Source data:
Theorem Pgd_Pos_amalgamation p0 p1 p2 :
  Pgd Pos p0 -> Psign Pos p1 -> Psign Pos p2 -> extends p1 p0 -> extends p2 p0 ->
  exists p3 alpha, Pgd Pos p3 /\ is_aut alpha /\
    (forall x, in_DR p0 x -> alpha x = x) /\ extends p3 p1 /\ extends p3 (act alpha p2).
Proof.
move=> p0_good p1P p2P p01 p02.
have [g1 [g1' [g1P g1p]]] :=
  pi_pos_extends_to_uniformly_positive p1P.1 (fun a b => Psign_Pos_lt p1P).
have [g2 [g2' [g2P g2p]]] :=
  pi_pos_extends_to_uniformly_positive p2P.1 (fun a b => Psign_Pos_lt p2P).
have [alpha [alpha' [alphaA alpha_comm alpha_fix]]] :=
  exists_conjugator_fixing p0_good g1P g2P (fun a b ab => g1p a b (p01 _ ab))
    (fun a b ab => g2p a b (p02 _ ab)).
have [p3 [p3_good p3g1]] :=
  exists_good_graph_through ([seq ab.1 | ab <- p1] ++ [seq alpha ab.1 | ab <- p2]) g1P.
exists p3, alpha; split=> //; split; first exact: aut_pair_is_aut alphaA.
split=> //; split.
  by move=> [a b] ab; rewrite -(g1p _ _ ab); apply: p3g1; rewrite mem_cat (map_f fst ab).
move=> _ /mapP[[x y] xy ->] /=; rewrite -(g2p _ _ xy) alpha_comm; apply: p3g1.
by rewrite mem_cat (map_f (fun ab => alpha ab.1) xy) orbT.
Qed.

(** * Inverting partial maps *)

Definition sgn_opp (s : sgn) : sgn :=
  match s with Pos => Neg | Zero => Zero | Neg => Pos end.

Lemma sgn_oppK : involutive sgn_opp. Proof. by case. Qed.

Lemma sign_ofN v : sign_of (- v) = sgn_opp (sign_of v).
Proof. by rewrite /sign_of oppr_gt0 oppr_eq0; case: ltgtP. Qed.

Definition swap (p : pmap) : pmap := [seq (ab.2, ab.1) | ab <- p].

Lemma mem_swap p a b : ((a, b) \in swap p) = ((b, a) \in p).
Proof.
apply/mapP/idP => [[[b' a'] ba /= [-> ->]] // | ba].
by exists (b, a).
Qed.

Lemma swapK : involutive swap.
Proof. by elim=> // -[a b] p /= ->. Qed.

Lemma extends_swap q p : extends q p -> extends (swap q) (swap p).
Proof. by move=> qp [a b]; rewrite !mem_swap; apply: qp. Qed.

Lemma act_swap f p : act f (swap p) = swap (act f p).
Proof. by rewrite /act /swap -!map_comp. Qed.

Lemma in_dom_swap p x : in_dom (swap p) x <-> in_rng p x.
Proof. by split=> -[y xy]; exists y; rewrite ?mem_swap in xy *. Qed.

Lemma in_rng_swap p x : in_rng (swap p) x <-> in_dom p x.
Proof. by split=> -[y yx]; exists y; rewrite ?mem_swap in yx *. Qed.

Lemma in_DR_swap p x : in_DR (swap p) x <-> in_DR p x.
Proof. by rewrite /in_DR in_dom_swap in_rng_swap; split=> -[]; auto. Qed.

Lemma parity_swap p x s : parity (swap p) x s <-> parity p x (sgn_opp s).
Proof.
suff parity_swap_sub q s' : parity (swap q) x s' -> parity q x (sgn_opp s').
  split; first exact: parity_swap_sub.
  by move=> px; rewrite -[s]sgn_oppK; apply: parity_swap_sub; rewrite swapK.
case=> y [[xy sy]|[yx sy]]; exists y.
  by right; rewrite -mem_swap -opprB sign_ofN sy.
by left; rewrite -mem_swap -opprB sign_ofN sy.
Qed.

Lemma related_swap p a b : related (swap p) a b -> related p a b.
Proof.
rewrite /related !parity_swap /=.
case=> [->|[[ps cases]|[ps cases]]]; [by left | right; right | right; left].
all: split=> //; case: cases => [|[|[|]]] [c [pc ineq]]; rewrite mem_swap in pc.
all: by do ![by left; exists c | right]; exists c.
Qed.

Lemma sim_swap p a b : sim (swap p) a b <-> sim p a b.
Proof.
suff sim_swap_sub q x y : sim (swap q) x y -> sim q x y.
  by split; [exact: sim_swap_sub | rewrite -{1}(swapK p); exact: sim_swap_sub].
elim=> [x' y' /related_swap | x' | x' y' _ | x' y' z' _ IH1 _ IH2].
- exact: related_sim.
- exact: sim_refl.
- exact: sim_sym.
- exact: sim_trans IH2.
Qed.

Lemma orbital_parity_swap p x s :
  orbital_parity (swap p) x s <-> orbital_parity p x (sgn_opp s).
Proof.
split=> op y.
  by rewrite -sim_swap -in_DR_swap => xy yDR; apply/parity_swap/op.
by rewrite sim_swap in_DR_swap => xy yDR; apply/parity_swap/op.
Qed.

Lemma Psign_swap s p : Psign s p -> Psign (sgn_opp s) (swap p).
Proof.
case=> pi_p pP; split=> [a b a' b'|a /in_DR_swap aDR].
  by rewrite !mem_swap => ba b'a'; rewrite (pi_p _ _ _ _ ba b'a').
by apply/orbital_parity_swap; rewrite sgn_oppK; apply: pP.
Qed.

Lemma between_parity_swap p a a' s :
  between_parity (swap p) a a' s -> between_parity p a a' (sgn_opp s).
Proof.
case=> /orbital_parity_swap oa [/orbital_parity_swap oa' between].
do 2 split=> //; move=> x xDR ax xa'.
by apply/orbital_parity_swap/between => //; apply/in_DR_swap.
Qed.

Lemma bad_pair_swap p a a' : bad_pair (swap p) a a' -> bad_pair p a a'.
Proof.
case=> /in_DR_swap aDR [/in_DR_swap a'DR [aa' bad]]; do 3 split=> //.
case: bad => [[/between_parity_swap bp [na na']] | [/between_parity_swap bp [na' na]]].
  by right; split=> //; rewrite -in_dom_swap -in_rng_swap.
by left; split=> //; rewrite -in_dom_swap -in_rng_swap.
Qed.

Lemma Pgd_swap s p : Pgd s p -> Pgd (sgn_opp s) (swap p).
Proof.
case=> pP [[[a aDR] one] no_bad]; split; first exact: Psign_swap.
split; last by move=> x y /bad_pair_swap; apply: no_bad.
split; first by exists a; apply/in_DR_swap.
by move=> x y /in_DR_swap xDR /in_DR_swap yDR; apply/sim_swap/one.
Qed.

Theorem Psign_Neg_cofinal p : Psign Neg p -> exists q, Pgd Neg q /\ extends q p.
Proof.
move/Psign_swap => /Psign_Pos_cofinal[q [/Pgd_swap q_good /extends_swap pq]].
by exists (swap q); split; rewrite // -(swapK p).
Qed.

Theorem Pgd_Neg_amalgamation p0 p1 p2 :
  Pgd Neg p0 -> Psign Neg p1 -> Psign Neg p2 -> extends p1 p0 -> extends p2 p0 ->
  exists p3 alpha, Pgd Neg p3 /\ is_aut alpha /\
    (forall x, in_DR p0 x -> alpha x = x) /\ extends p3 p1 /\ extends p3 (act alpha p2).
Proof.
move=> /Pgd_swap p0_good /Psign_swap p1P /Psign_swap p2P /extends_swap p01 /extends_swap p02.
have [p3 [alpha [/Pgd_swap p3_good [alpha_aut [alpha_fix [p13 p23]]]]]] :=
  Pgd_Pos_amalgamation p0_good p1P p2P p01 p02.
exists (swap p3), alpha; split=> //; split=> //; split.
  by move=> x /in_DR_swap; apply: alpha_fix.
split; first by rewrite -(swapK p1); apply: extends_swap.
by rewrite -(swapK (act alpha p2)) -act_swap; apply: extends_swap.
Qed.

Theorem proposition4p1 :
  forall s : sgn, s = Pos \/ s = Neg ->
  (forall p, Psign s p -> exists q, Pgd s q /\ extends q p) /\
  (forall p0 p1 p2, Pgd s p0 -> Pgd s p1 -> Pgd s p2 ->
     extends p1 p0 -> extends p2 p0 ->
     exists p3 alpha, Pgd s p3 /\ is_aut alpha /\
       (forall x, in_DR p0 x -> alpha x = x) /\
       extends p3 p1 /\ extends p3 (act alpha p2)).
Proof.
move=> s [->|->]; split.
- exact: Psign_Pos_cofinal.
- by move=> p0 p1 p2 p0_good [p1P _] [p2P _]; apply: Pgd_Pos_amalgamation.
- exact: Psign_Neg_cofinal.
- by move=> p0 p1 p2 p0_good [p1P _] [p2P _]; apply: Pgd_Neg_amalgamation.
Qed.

> [REQUIRED WORK]
Return each line from the records that includes the word "mapP".

> [RESULT OF THIS TASK]
move=> _ /mapP[[x y] xy ->] /=; rewrite -(g2p _ _ xy) alpha_comm; apply: p3g1.
apply/mapP/idP => [[[b' a'] ba /= [-> ->]] // | ba].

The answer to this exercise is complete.